Ana Sayfa > Popüler Yazılar > Diğer > Öykü Kurmak

Öykü Kurmak

Şükran Gölbaşı (Cömert)

O gün çok yorgundu, isteksizdi. Daha vizeleri okumadan final koşturmacası başlamıştı. Sabahları alışmadığı biçimde saatin alarmıyla uyanıyor, tüm gün sınavdan sınava koşturmaktan helak oluyordu bir süredir. Zaten dans dersleri de kabak tadı vermeye başlamıştı. Adımlarını beceriksizce hocanınkine uydurmaya çalışırken ruhu kırlarda dolanıyordu. O gün, suratında her zaman bedbaht bir ifadeyle sanki ders süresince zorla orada tutuluyormuş gibi duran adamla dans ediyorlardı.  Öyle konuşmadan, kös kös ayaklarına baka baka... bir figürü 3-5 kez tekrarlaya tekrarlaya... Bir kadın kenara çekilmiş adamı bırakmasını bekliyor, bir diğeri ise her üçünü birden göz markajında tutuyordu. Velhasıl kıymetliydi adam, demek ki dans bilmeyen kadınlar ne kadar kıymetsizse, dans bilmeyen adamlar da tersine o kadar önemliydi, ya da şöyle denebilirdi -bedbaht ve dans bilmeyen adamlar daha çekiciydi- Ben bunu neden bilmiyorum, diye düşündü. Zaten hayat bilgisinden hep sınıfta kalıyordu, o öğrendikçe müfredat değişiyor, o hep hayat cahili olarak diğer kadınlar kadar becerikli olmayı bir türlü başaramıyordu.
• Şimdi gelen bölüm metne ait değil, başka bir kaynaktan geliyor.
Lemma Rintegral_mull h (F : G -> R) : continuous F ->
  \int[mu]_x F (mul h x) = \int[mu]_x F x.
Proof.
move=> cF; have mL := continuous_borel_measurable_map (@continuous_mull h).
rewrite /Rintegral; congr fine.
rewrite [RHS](eq_measure_integral (pushforward mu (mul h : borel_of G -> borel_of G))).
  rewrite integral_pushforward //.
  - by apply/measurable_EFinP; exact: continuous_borel_measurable.
  - apply: continuous_integrable.
    by move=> x; apply: continuous_comp; [exact: continuous_mull | exact: cF].
by move=> A mA _; symmetry; exact: pushforward_mull.
Qed.

Lemma mx_integral_mull h p q (X : G -> 'M[R]_(p, q)) : mx_continuous X ->
  mx_integral (fun x => X (mul h x)) = mx_integral X.
Proof. by move=> cX; apply/matrixP => i j; rewrite !mxE; exact: (Rintegral_mull h (cX i j)). Qed.

Section Representation.
Variables (n : nat) (rho : G -> 'M[R]_n).
Hypotheses (rho_mul : forall a b, rho (mul a b) = rho a *m rho b)
  (rho_e : rho e = 1%:M) (rho_cont : continuous rho).

Lemma mx_continuous_rho : mx_continuous rho.
Proof.
move=> i j x; apply: (@continuous_comp _ _ _ rho (fun M : 'M[R]_n => M i j)).
  exact: rho_cont.
exact: coord_continuous.
Qed.

Lemma rho_mulV g : rho g *m rho (inv g) = 1%:M.
Proof. by rewrite -rho_mul mulgV rho_e. Qed.

Lemma rho_mulVg g : rho (inv g) *m rho g = 1%:M.
Proof. by rewrite -rho_mul mulVg rho_e. Qed.

Section AveragedForm.
Variable S : 'M[R]_n.

Definition avg_mx := mx_integral (fun g => rho g *m S *m (rho g)^T).

Lemma mx_continuous_conj : mx_continuous (fun g => rho g *m S *m (rho g)^T).
Proof.
apply: mx_continuous_mul; last exact/mx_continuous_tr/mx_continuous_rho.
exact/mx_continuous_mul/mx_continuous_cst/mx_continuous_rho.
Qed.

Lemma continuous_form_avg (x : 'rV[R]_n) :
  continuous (fun g => mxform S (x *m rho g) (x *m rho g)).
Proof.
have cxrho := mx_continuous_mul (mx_continuous_cst x) mx_continuous_rho.
have cxrhoS := mx_continuous_mul cxrho (mx_continuous_cst S).
by have /(_ 0 0) := mx_continuous_mul cxrhoS (mx_continuous_tr cxrho).
Qed.

Lemma avg_mx_invariant h : rho h *m avg_mx *m (rho h)^T = avg_mx.
Proof.
rewrite /avg_mx mulmx_integrall; last exact: mx_continuous_conj.
rewrite mulmx_integralr; last exact/mx_continuous_mul/mx_continuous_conj/mx_continuous_cst.
rewrite -(mx_integral_mull h mx_continuous_conj); congr mx_integral; apply: funext => g.
by rewrite rho_mul trmx_mul !mulmxA.
Qed.

Lemma avg_mx_sym : S^T = S -> avg_mx^T = avg_mx.
Proof.
move=> symS; rewrite trmx_integral; congr mx_integral; apply: funext => g.
by rewrite !trmx_mul trmxK symS mulmxA.
Qed.

Lemma mxform_avg_mx x :
  mxform avg_mx x x = \int[mu]_g mxform S (x *m rho g) (x *m rho g).
Proof.
rewrite /mxform mulmx_integrall; last exact: mx_continuous_conj.
rewrite mulmx_integralr; last exact/mx_continuous_mul/mx_continuous_conj/mx_continuous_cst.
by rewrite mxE; apply: eq_Rintegral => g _; rewrite trmx_mul !mulmxA.
Qed.

Hypothesis avg_mx_unit : avg_mx \in unitmx.

Lemma invmx_avg_mx_invariant h : (rho h)^T *m invmx avg_mx *m rho h = invmx avg_mx.
Proof.
set Q := (rho h)^T *m invmx avg_mx *m rho h.
have rhoM : rho h *m avg_mx = avg_mx *m (rho (inv h))^T.
  by rewrite -{1}(avg_mx_invariant (inv h)) !mulmxA rho_mulV mul1mx.
have QM : Q *m avg_mx = 1%:M.
  rewrite /Q -mulmxA rhoM mulmxA -(mulmxA _ _ avg_mx) mulVmx // mulmx1.
  by rewrite -trmx_mul rho_mulVg trmx1.
by rewrite -[Q]mulmx1 -(mulmxV avg_mx_unit) mulmxA QM mul1mx.
Qed.

(* by invariance of [invmx avg_mx], the trace of the integrand is
   [\tr ((rho g)^T *m invmx avg_mx *m rho g *m S) = \tr (invmx avg_mx *m S)] *)
Lemma mxtrace_invmx_avg_mx : \tr (invmx avg_mx *m S) = n%:R.
Proof.
have <- : \tr (invmx avg_mx *m avg_mx) = n%:R by rewrite mulVmx // mxtrace1.
rewrite mulmx_integrall; last exact: mx_continuous_conj.
rewrite mxtrace_integral; last exact/mx_continuous_mul/mx_continuous_conj/mx_continuous_cst.
under eq_Rintegral => g _ do
  rewrite !mulmxA mxtrace_mulC !mulmxA invmx_avg_mx_invariant.
by rewrite Rintegral_cst_probability.
Qed.

End AveragedForm.

Lemma avg_mx_psd S : (forall y, 0 <= mxform S y y) ->
  forall x, 0 <= mxform (avg_mx S) x x.
Proof. by move=> psdS x; rewrite mxform_avg_mx; apply: Rintegral_ge0 => g _. Qed.

Lemma avg_mx_pd S : (forall y, y != 0 -> 0 < mxform S y y) ->
  forall x, x != 0 -> 0 < mxform (avg_mx S) x x.
Proof.
move=> pdS x x_neq0; rewrite mxform_avg_mx.
apply: Rintegral_gt0 => [|g]; first exact: continuous_form_avg.
apply: pdS; apply: contra x_neq0 => /eqP xrho0.
by rewrite -(mulmx1 x) -(rho_mulV g) mulmxA xrho0 mul0mx.
Qed.

Variable v : 'cV[R]_n.

Lemma mxform_dyadD_scalar eps y :
  mxform (v *m v^T + eps%:M) y y = (y *m v) 0 0 ^+ 2 + eps * (y *m y^T) 0 0.
Proof. by rewrite mxformD mxform_dyad mxform_scalar expr2. Qed.

Lemma sqr_coef_le_avg eps l h : 0 < eps ->
  (l *m (rho h *m v)) 0 0 ^+ 2 <= n%:R * mxform (avg_mx (v *m v^T + eps%:M)) l l.
Proof.
move=> eps_gt0; set S := v *m v^T + eps%:M; set M := avg_mx S; set P := invmx M.
have psdM : forall x, 0 <= mxform M x x.
  apply: avg_mx_psd => y; rewrite mxform_dyadD_scalar.
  by rewrite addr_ge0 ?sqr_ge0 // mulr_ge0 ?dotmx_ge0 // ltW.
have uM : M \in unitmx.
  apply/mxform_pd_unitmx/avg_mx_pd => y y_neq0; rewrite mxform_dyadD_scalar.
  by rewrite ltr_wpDl ?sqr_ge0 // mulr_gt0 ?dotmx_gt0.
have symM : M^T = M.
  by apply: avg_mx_sym; rewrite /S linearD /= trmx_mul trmxK tr_scalar_mx.
have vPv_le : mxform P v^T v^T <= n%:R.
  have trP_ge0 : 0 <= \tr P.
    by apply: mxtrace_ge0_psd => x; rewrite -mxform_invmx //; exact: psdM.
  rewrite -(mxtrace_invmx_avg_mx uM) mulmxDr mxtraceD mxtrace_mul_dyad.
  by rewrite mul_mx_scalar mxtraceZ lerDl mulr_ge0 // ltW.
set w := rho h *m v.
have Mlb : mxform M l (w^T *m P) = (l *m w) 0 0 by rewrite mxform_invmxr // trmxK.
have Mbb : mxform M (w^T *m P) (w^T *m P) = mxform P v^T v^T.
  rewrite mxform_invmx // /mxform /w !trmx_mul !trmxK !mulmxA.
  by rewrite -(mulmxA _ (rho h)^T) -(mulmxA _ _ (rho h)) invmx_avg_mx_invariant.
have := mxform_Cauchy_Schwarz l (w^T *m P) symM psdM.
rewrite Mlb Mbb mulrC => /le_trans; apply.
by rewrite ler_wpM2r.
Qed.

Lemma continuous_sqr_coef (l : 'rV[R]_n) :
  continuous (fun g => (l *m (rho g *m v)) 0 0 ^+ 2).
Proof.
have /(_ 0 0) c := mx_continuous_mul (mx_continuous_cst l)
  (mx_continuous_mul mx_continuous_rho (mx_continuous_cst v)).
by under eq_fun do rewrite expr2; exact: continuousM_fun.
Qed.

Lemma sqr_coef_le (l : 'rV[R]_n) h :
  (l *m (rho h *m v)) 0 0 ^+ 2 <= n%:R * \int[mu]_g (l *m (rho g *m v)) 0 0 ^+ 2.
Proof.
have cl := mx_continuous_mul (mx_continuous_cst l) mx_continuous_rho.
have /(_ 0 0) c_dot := mx_continuous_mul cl (mx_continuous_tr cl).
set C := \int[mu]_g (l *m rho g *m (l *m rho g)^T) 0 0.
apply: (@ler_of_forall_addZ _ _ _ (n%:R * C)).
  by rewrite mulr_ge0 // Rintegral_ge0 // => g _; exact: dotmx_ge0.
move=> eps eps_gt0; apply: (le_trans (sqr_coef_le_avg l h eps_gt0)).
rewrite mxform_avg_mx.
under eq_Rintegral do rewrite mxform_dyadD_scalar -(mulmxA l _ v).
have c_eps_dot : continuous (fun g => eps * (l *m rho g *m (l *m rho g)^T) 0 0).
  by apply: continuousM_fun => //; exact: cst_continuous.
rewrite RintegralD ?RintegralZl -/C //; try exact: continuous_integrable.
- by rewrite mulrDr mulrCA.
- exact/continuous_integrable/continuous_sqr_coef.
Qed.

End Representation.
End HaarMeasure.
End CompactProbabilitySpace.

Theorem theorem1p2 (R : realType) (G : ptopologicalType)
  (mul : G -> G -> G) (inv : G -> G) (e : G)
  (mulA : associative mul) (mul1g : left_id e mul)
  (mulVg : forall x, mul (inv x) x = e)
  (mul_cont : continuous (fun p : G * G => mul p.1 p.2))
  (inv_cont : continuous inv)
  (G_hausdorff : hausdorff_space G) (G_compact : compact [set: G])
  (mu : probability (borel_of G) R)
  (mu_haar : forall (g : G) (A : set (borel_of G)),
      measurable A -> mu [set mul g x | x in A] = mu A)
  (n : nat) (rho : G -> 'M[R]_n)
  (rho_mul : forall a b, rho (mul a b) = rho a *m rho b)
  (rho_e : rho e = 1%:M)
  (rho_cont : continuous rho)
  (v : 'cV[R]_n) (l : 'rV[R]_n) :
  let f : borel_of G -> R := fun g => (l *m (rho g *m v)) 0 0 in
  ('N[mu]_2[EFin \o f] <= (sup_norm f)%:E <=
     (Num.sqrt n%:R)%:E * 'N[mu]_2[EFin \o f])%E.
Proof.
cbv zeta; set f := fun g : borel_of G => (l *m (rho g *m v)) 0 0.
have f_le h : `|f h| <= Num.sqrt n%:R * Num.sqrt (\int[mu]_g f g ^+ 2).
  rewrite -sqrtrM // -sqrtr_sqr ler_sqrt ?mulr_ge0 ?Rintegral_ge0 // => [|g _].
    exact: sqr_coef_le.
  exact: sqr_ge0.
rewrite Lnorm2_Rintegral; last exact/continuous_integrable/continuous_sqr_coef.
rewrite !lee_fin (sup_norm_le f_le e) andbT.
have sup_ge0 : 0 <= sup_norm f := le_trans (normr_ge0 _) (le_sup_norm f_le e).
rewrite -(ger0_norm sup_ge0) -sqrtr_sqr ler_sqrt ?sqr_ge0 //.
apply: Rintegral_sqr_le_probability; first exact/continuous_integrable/continuous_sqr_coef.
exact: le_sup_norm.
Qed.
Adam adımlarını o kadar iri atıyordu ki bir ara kendini ortaokulda olduğu gibi tren raylarının tahtaları üzerinde küçük adımlarını ayıra ayıra yürüyormuş gibi hissetti. Sanki karşıdan aniden tren gelebilirmiş gibi başını kaldırdı. Adamın suratı ifadesizdi, birden "ben kalmayacağım, gideceğim" dedi.  O da hiç düşünmeden "ben de, sıkıldım... beni de kapıya kadar bırakır mısınız?" dedi.

Adam, çıkış kapısına yaklaşırken, kendisinden hiç beklemediği bir çabuklukla ama aynı bezgin ses tonuna sahte bir merak katmaya çalışarak, "Erken çıktığınıza göre şimdi ne yapacaksınız?" dedi. Bu tür soruların aslında içinde bir daveti saklayan zarf olduğunu bilecek kadar büyüktü artık, uzatılan zarfları şıkça çevirmeyi öğrendiği kadar bir şeylerin arkasına sığınmadan uzanıp alacak kadar da cesurdu. "Hiiç bir yere gidip çay içeceğim, gazetelerimi okuyacağım, kendime gelmeden eve gitmem" dedi. Adam "birlikte içelim o zaman, tabii isterseniz" diye karşılarken göz ucuyla da onu süzüyordu bezgin bezgin. Belli ki canı sıkılıyordu. İki canı sıkılan insan. İkisi de birbirini bir çay içimi de olsa ayartmaya çalışan iki karşı cinsten çok akşamın son evraklarını inceleyen vergi memurlarına benziyorlardı, asık suratlı, yorgun, bedbaht...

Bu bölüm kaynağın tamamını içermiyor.